* [Exercise objective]: Which lines of the data below contain "Hopen"? Please show them all.

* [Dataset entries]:
(* A $\star$-metric space $(X,d^\star)$ is compact (i.e. $(X,\mathscr{T}_{d^\star})$ is a compact topological space) if and only if $(X,d^\star)$ is complete and totally bounded.
   Context: A $t$-definer is a function $\star:[0,\infty)\times[0,\infty)\to[0,\infty)$ such that for all $a,b,c\ge 0$: $a\star b=b\star a$; $a\star(b\star c)=(a\star b)\star c$; if $a\le b$ then $a\star c\le b\star c$; $a\star 0=a$; and $\star$ is continuous in its first variable with respect to the Euclidean topology. Given a nonempty set $X$ and a $t$-definer $\star$, a $\star$-metric on $X$ is a function $d^\star:X\times X\to[0,\infty)$ such that for all $x,y,z\in X$: $d^\star(x,y)=0$ iff $x=y$; $d^\star(x,y)=d^\star(y,x)$; and $d^\star(x,y)\le d^\star(x,z)\star d^\star(z,y)$. Put $B_{d^\star}(a,r)=\{x\in X: d^\star(a,x)<r\}$ and let $\mathscr{T}_{d^\star}$ be the topology consisting of all $U\subseteq X$ such that for each $a\in U$ some $B_{d^\star}(a,r)$, $r>0$, is contained in $U$. $(X,d^\star)$ is totally bounded if for every $\epsilon>0$ there is a finite $F\subseteq X$ with $X=\bigcup_{x\in F}B_{d^\star}(x,\epsilon)$. A sequence $\{x_n\}$ is Cauchy if for every $\epsilon>0$ there is $k$ with $d^\star(x_n,x_m)<\epsilon$ for all $m,n\ge k$; it converges to $x$ if for every $\epsilon>0$ there is $k$ with $d^\star(x,x_n)<\epsilon$ for $n\ge k$. $(X,d^\star)$ is complete if every Cauchy sequence converges to a point of $X$. *)

From Stdlib Require Import Reals List.
Open Scope R_scope.

(* A t-definer: an operation on [0,oo); we model it as R -> R -> R and
   impose the axioms on nonnegative arguments, plus that [0,oo) is closed
   under it (the codomain is [0,oo)). *)
Definition is_tdefiner (star : R -> R -> R) : Prop :=
  (forall a b, 0 <= a -> 0 <= b -> 0 <= star a b) /\
  (forall a b, 0 <= a -> 0 <= b -> star a b = star b a) /\
  (forall a b c, 0 <= a -> 0 <= b -> 0 <= c ->
     star a (star b c) = star (star a b) c) /\
  (forall a b c, 0 <= a -> 0 <= b -> 0 <= c -> a <= b -> star a c <= star b c) /\
  (forall a, 0 <= a -> star a 0 = a) /\
  (forall b a, 0 <= b -> 0 <= a ->
     forall eps, 0 < eps -> exists delta, 0 < delta /\
       forall a', 0 <= a' -> Rabs (a' - a) < delta ->
         Rabs (star a' b - star a b) < eps).

Definition is_star_metric {X : Type} (star : R -> R -> R) (d : X -> X -> R) : Prop :=
  (forall x y, 0 <= d x y) /\
  (forall x y, d x y = 0 <-> x = y) /\
  (forall x y, d x y = d y x) /\
  (forall x y z, d x y <= star (d x z) (d z y)).

Definition ball {X : Type} (d : X -> X -> R) (a : X) (r : R) : X -> Prop :=
  fun x => d a x < r.

Definition d_open {X : Type} (d : X -> X -> R) (U : X -> Prop) : Prop :=
  forall a, U a -> exists r, 0 < r /\ forall x, ball d a r x -> U x.

Definition d_compact {X : Type} (d : X -> X -> R) : Prop :=
  forall C : (X -> Prop) -> Prop,
    (forall U, C U -> d_open d U) ->
    (forall x, exists U, C U /\ U x) ->
    exists l : list (X -> Prop),
      (forall U, In U l -> C U) /\ (forall x, exists U, In U l /\ U x).

Definition totally_bounded {X : Type} (d : X -> X -> R) : Prop :=
  forall eps, 0 < eps -> exists F : list X,
    forall x, exists y, In y F /\ ball d y eps x.

Definition d_cauchy {X : Type} (d : X -> X -> R) (u : nat -> X) : Prop :=
  forall eps, 0 < eps -> exists k, forall m n, (k <= n)%nat -> (k <= m)%nat ->
    d (u n) (u m) < eps.

Definition d_converges {X : Type} (d : X -> X -> R) (u : nat -> X) (x : X) : Prop :=
  forall eps, 0 < eps -> exists k, forall n, (k <= n)%nat -> d x (u n) < eps.

Definition d_complete {X : Type} (d : X -> X -> R) : Prop :=
  forall u, d_cauchy d u -> exists x, d_converges d u x.

(* The t-definer enters only through two consequences of the continuity of
   [star] at [0] together with [a star 0 = a]: balls are open, and for every
   [eps] there is [delta] such that [d x z < delta] and [d z y < delta] give
   [d x y < eps].  With these, the classical metric arguments go through.  A
   compact space is totally bounded (cover it by [eps]-balls) and complete (a
   Cauchy sequence converges to each of its cluster points, so one without a
   limit gives an open cover each member of which it eventually leaves).
   Conversely, if an open cover had no finite subcover, total boundedness
   yields nested sets [A (k+1) = A k /\ ball (y k) (1/(k+1))], none of them
   finitely covered; points picked in them form a Cauchy sequence, and a
   neighbourhood of its limit taken from the cover contains some [A k]. *)

From Stdlib Require Import Reals List Lra Lia Classical ClassicalEpsilon.
Open Scope R_scope.

Lemma tdefiner_small_right (star : R -> R -> R) : is_tdefiner star ->
  forall b, 0 <= b -> forall eps, 0 < eps -> exists delta, 0 < delta /\
    forall a, 0 <= a -> a < delta -> star b a < b + eps.
Proof.
  intros (_ & Hcomm & _ & _ & Hunit & Hcont) b Hb eps Heps.
  destruct (Hcont b 0 Hb (Rle_refl 0) eps Heps) as (delta & Hdelta & Hclose).
  exists delta; split; [exact Hdelta |].
  intros a Ha Hsmall.
  specialize (Hclose a Ha). rewrite Rminus_0_r, Rabs_right in Hclose by lra.
  specialize (Hclose Hsmall).
  rewrite (Hcomm a b), (Hcomm 0 b), Hunit in Hclose by lra.
  apply Rabs_def2 in Hclose. lra.
Qed.

Lemma tdefiner_small (star : R -> R -> R) : is_tdefiner star ->
  forall eps, 0 < eps -> exists delta, 0 < delta /\
    forall a b, 0 <= a -> 0 <= b -> a < delta -> b < delta -> star a b < eps.
Proof.
  intros HT eps Heps.
  destruct (tdefiner_small_right star HT (eps / 2) ltac:(lra) (eps / 2) ltac:(lra))
    as (delta & Hdelta & Hsmall).
  exists (Rmin delta (eps / 2)). split; [apply Rmin_glb_lt; lra |].
  intros a b Ha Hb Hadelta Hbdelta.
  pose proof (Rmin_l delta (eps / 2)). pose proof (Rmin_r delta (eps / 2)).
  destruct HT as (_ & Hcomm & _ & Hmono & _).
  apply Rle_lt_trans with (star (eps / 2) a).
  - rewrite (Hcomm a b) by lra. apply Hmono; lra.
  - specialize (Hsmall a Ha ltac:(lra)). lra.
Qed.

Definition radius (k : nat) : R := / INR (S k).

Lemma radius_pos k : 0 < radius k.
Proof. apply Rinv_0_lt_compat, lt_0_INR. lia. Qed.

Lemma radius_small eps : 0 < eps -> exists k, radius k < eps.
Proof.
  intros Heps. destruct (archimed_cor1 eps Heps) as (N & HN & HNpos).
  exists (pred N). unfold radius. now rewrite Nat.succ_pred_pos.
Qed.

Lemma list_of_images {A B : Type} (f : A -> B) (l : list B) :
  (forall b, In b l -> exists a, f a = b) -> exists F, map f F = l.
Proof.
  induction l as [| b l IH]; intros Hl; [now exists nil |].
  destruct (Hl b (or_introl eq_refl)) as [a <-].
  destruct IH as [F <-]; [intros c Hc; apply Hl; now right |].
  now exists (a :: F).
Qed.

Lemma eventually_all_in_list {A : Type} (P : A -> nat -> Prop) (l : list A) :
  (forall a, In a l -> exists K, forall m, (K <= m)%nat -> P a m) ->
  exists K, forall a, In a l -> forall m, (K <= m)%nat -> P a m.
Proof.
  induction l as [| a l IH]; intros Hl; [exists 0%nat; intros b [] |].
  destruct (Hl a (or_introl eq_refl)) as [K1 HK1].
  destruct IH as [K2 HK2]; [intros b Hb; apply Hl; now right |].
  exists (K1 + K2)%nat. intros b [<- | Hb] m Hm.
  - apply HK1. lia.
  - apply HK2; [exact Hb | lia].
Qed.

Definition finitely_covered {X : Type} (C : (X -> Prop) -> Prop) (A : X -> Prop) : Prop :=
  exists l : list (X -> Prop), (forall U, In U l -> C U) /\
    (forall x, A x -> exists U, In U l /\ U x).

Section FiniteCovers.

Variables (X : Type) (C : (X -> Prop) -> Prop).

Lemma finitely_covered_subset (A B : X -> Prop) :
  (forall x, A x -> B x) -> finitely_covered C B -> finitely_covered C A.
Proof.
  intros HAB (l & Hl & Hcover). exists l. split; [exact Hl |].
  intros x Ax. exact (Hcover x (HAB x Ax)).
Qed.

Lemma finitely_covered_union {Y : Type} (B : Y -> X -> Prop) (F : list Y) :
  (forall y, In y F -> finitely_covered C (B y)) ->
  finitely_covered C (fun x => exists y, In y F /\ B y x).
Proof.
  induction F as [| y F IH]; intros HF.
  - exists nil. split; [intros U [] | intros x (y & [] & _)].
  - destruct (HF y (or_introl eq_refl)) as (l1 & Hl1 & Hcover1).
    destruct IH as (l2 & Hl2 & Hcover2); [intros z Hz; apply HF; now right |].
    exists (l1 ++ l2). split.
    + intros U HU. apply in_app_or in HU as [HU | HU]; auto.
    + intros x (z & [<- | Hz] & Bzx).
      * destruct (Hcover1 x Bzx) as (U & HU & Ux).
        exists U. split; [apply in_or_app; now left | exact Ux].
      * destruct (Hcover2 x (ex_intro _ z (conj Hz Bzx))) as (U & HU & Ux).
        exists U. split; [apply in_or_app; now right | exact Ux].
Qed.

Lemma not_finitely_covered_inhabited (A : X -> Prop) :
  ~ finitely_covered C A -> exists x, A x.
Proof.
  intros HA. apply NNPP. intros Hempty. apply HA.
  exists nil. split; [intros U [] |].
  intros x Ax. exfalso. apply Hempty. now exists x.
Qed.

Lemma not_finitely_covered_refine (d : X -> X -> R) (A : X -> Prop) :
  totally_bounded d -> ~ finitely_covered C A ->
  forall eps, 0 < eps -> exists y, ~ finitely_covered C (fun x => A x /\ ball d y eps x).
Proof.
  intros Htb HA eps Heps. apply NNPP. intros Hall. apply HA.
  destruct (Htb eps Heps) as [F HF].
  apply finitely_covered_subset
    with (fun x => exists y, In y F /\ (A x /\ ball d y eps x)).
  - intros x Ax. destruct (HF x) as (y & Hy & Hxy). now exists y.
  - apply finitely_covered_union. intros y _.
    apply NNPP. intros Hy. apply Hall. now exists y.
Qed.

End FiniteCovers.

Section StarMetric.

Variables (X : Type) (star : R -> R -> R) (d : X -> X -> R).
Hypotheses (HT : is_tdefiner star) (HM : is_star_metric star d).

Lemma ball_center x r : 0 < r -> ball d x r x.
Proof.
  destruct HM as (_ & Hzero & _). unfold ball.
  now rewrite (proj2 (Hzero x x) eq_refl).
Qed.

Lemma ball_open a r : d_open d (ball d a r).
Proof.
  intros x Hx. destruct HM as (Hnn & _ & _ & Htri). unfold ball in *.
  destruct (tdefiner_small_right star HT (d a x) (Hnn a x) (r - d a x) ltac:(lra))
    as (delta & Hdelta & Hsmall).
  exists delta; split; [exact Hdelta |].
  intros y Hy. specialize (Hsmall (d x y) (Hnn x y) Hy). specialize (Htri a y x). lra.
Qed.

Lemma small_triangle eps : 0 < eps -> exists delta, 0 < delta /\
  forall x y z, d x z < delta -> d z y < delta -> d x y < eps.
Proof.
  intros Heps. destruct (tdefiner_small star HT eps Heps) as (delta & Hdelta & Hsmall).
  destruct HM as (Hnn & _ & _ & Htri).
  exists delta; split; [exact Hdelta |].
  intros x y z Hxz Hzy. eapply Rle_lt_trans; [apply (Htri x y z) | auto].
Qed.

Lemma cauchy_cluster_converges u x : d_cauchy d u ->
  (forall r, 0 < r -> forall K, exists m, (K <= m)%nat /\ d x (u m) < r) ->
  d_converges d u x.
Proof.
  intros Hcauchy Hcluster eps Heps.
  destruct (small_triangle eps Heps) as (delta & Hdelta & Htri).
  destruct (Hcauchy delta Hdelta) as [k Hk].
  destruct (Hcluster delta Hdelta k) as (m & Hkm & Hm).
  exists k. intros n Hkn. apply Htri with (u m); auto.
Qed.

Lemma compact_totally_bounded : d_compact d -> totally_bounded d.
Proof.
  intros Hcompact eps Heps.
  destruct (Hcompact (fun U => exists y, ball d y eps = U)) as (l & Hl & Hcover).
  - intros U [y <-]. apply ball_open.
  - intros x. exists (ball d x eps). split; [now exists x | exact (ball_center x eps Heps)].
  - destruct (list_of_images (fun y => ball d y eps) l Hl) as [F <-].
    exists F. intros x. destruct (Hcover x) as (U & HU & Ux).
    apply in_map_iff in HU as (y & <- & Hy). now exists y.
Qed.

Lemma compact_complete : d_compact d -> d_complete d.
Proof.
  intros Hcompact u Hcauchy. apply NNPP. intros Hno.
  destruct (Hcompact (fun U => d_open d U /\ exists K, forall m, (K <= m)%nat -> ~ U (u m)))
    as (l & Hl & Hcover).
  - now intros U [HU _].
  - intros x. apply NNPP. intros Hx. apply Hno. exists x.
    apply cauchy_cluster_converges; [exact Hcauchy |].
    intros r Hr K. apply NNPP. intros Hfar. apply Hx.
    exists (ball d x r). split; [split | exact (ball_center x r Hr)].
    + apply ball_open.
    + exists K. intros m Hm Hin. apply Hfar. now exists m.
  - destruct (eventually_all_in_list (fun U m => ~ U (u m)) l) as [K HK].
    + intros U HU. exact (proj2 (Hl U HU)).
    + destruct (Hcover (u K)) as (U & HU & Hin). exact (HK U HU K (le_n K) Hin).
Qed.

Section NestedBalls.

Variables (C : (X -> Prop) -> Prop) (inh : inhabited X).
Hypotheses (Htb : totally_bounded d) (Huncovered : ~ finitely_covered C (fun _ => True)).

Definition refine_center (k : nat) (A : X -> Prop) : X :=
  epsilon inh (fun y => ~ finitely_covered C (fun x => A x /\ ball d y (radius k) x)).

Fixpoint nest (k : nat) : X -> Prop :=
  match k with
  | O => fun _ => True
  | S k => fun x => nest k x /\ ball d (refine_center k (nest k)) (radius k) x
  end.

Lemma nest_not_finitely_covered k : ~ finitely_covered C (nest k).
Proof.
  induction k as [| k IH]; [exact Huncovered |].
  apply (epsilon_spec inh
    (fun y => ~ finitely_covered C (fun x => nest k x /\ ball d y (radius k) x))).
  apply not_finitely_covered_refine; auto using radius_pos.
Qed.

Lemma nest_decreasing k m x : (k <= m)%nat -> nest m x -> nest k x.
Proof. induction 1 as [| m _ IH]; [auto |]. intros [Hx _]. auto. Qed.

Lemma nest_diameter eps : 0 < eps ->
  exists k, forall z w, nest (S k) z -> nest (S k) w -> d z w < eps.
Proof.
  intros Heps. destruct (small_triangle eps Heps) as (delta & Hdelta & Htri).
  destruct (radius_small delta Hdelta) as [k Hk].
  destruct HM as (_ & _ & Hsym & _).
  exists k. intros z w [_ Hz] [_ Hw]. unfold ball in *.
  apply Htri with (refine_center k (nest k)); [rewrite Hsym |]; lra.
Qed.

Definition nest_point (k : nat) : X := epsilon inh (nest (S k)).

Lemma nest_point_in k : nest (S k) (nest_point k).
Proof.
  apply (epsilon_spec inh (nest (S k))).
  apply (not_finitely_covered_inhabited X C), nest_not_finitely_covered.
Qed.

Lemma nest_point_cauchy : d_cauchy d nest_point.
Proof.
  intros eps Heps. destruct (nest_diameter eps Heps) as [k Hk].
  exists k. intros m n Hn Hm.
  apply Hk; [apply nest_decreasing with (S n) | apply nest_decreasing with (S m)];
    solve [lia | apply nest_point_in].
Qed.

Lemma nest_limit_uncovered x U :
  d_converges d nest_point x -> d_open d U -> U x -> ~ C U.
Proof.
  intros Hlim HU Ux HCU. destruct (HU x Ux) as (r & Hr & Hball).
  destruct (small_triangle r Hr) as (delta & Hdelta & Htri).
  destruct (Hlim delta Hdelta) as [k1 Hk1].
  destruct (nest_diameter delta Hdelta) as [k2 Hk2].
  set (k := (k1 + k2)%nat).
  assert (Hsub : forall y, nest (S k) y -> nest (S k2) y).
  { intros y. apply nest_decreasing. lia. }
  apply (nest_not_finitely_covered (S k)).
  exists (U :: nil). split; [intros V [<- | []]; exact HCU |].
  intros z Hz. exists U. split; [now left |].
  apply Hball, Htri with (nest_point k).
  - apply Hk1. lia.
  - apply Hk2; apply Hsub; [apply nest_point_in | exact Hz].
Qed.

End NestedBalls.

Lemma complete_totally_bounded_compact :
  inhabited X -> d_complete d -> totally_bounded d -> d_compact d.
Proof.
  intros inh Hcomplete Htb C Hopen Hcover. apply NNPP. intros Hno.
  assert (Huncovered : ~ finitely_covered C (fun _ => True)).
  { intros (l & Hl & Hall). apply Hno. exists l. split; [exact Hl |].
    intros x. exact (Hall x I). }
  destruct (Hcomplete _ (nest_point_cauchy C inh Htb Huncovered)) as [x Hx].
  destruct (Hcover x) as (U & HCU & Ux).
  exact (nest_limit_uncovered C inh Htb Huncovered x U Hx (Hopen U HCU) Ux HCU).
Qed.

End StarMetric.

Theorem theorem4p6 (X : Type) (star : R -> R -> R) (d : X -> X -> R) :
  inhabited X -> is_tdefiner star -> is_star_metric star d ->
  (d_compact d <-> d_complete d /\ totally_bounded d).
Proof.
  intros inh HT HM. split.
  - intros Hcompact. split.
    + exact (compact_complete X star d HT HM Hcompact).
    + exact (compact_totally_bounded X star d HT HM Hcompact).
  - intros [Hcomplete Htb].
    exact (complete_totally_bounded_compact X star d HT HM inh Hcomplete Htb).
Qed.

* [Task solution]:
  intros inh Hcomplete Htb C Hopen Hcover. apply NNPP. intros Hno.
  exact (nest_limit_uncovered C inh Htb Huncovered x U Hx (Hopen U HCU) Ux HCU).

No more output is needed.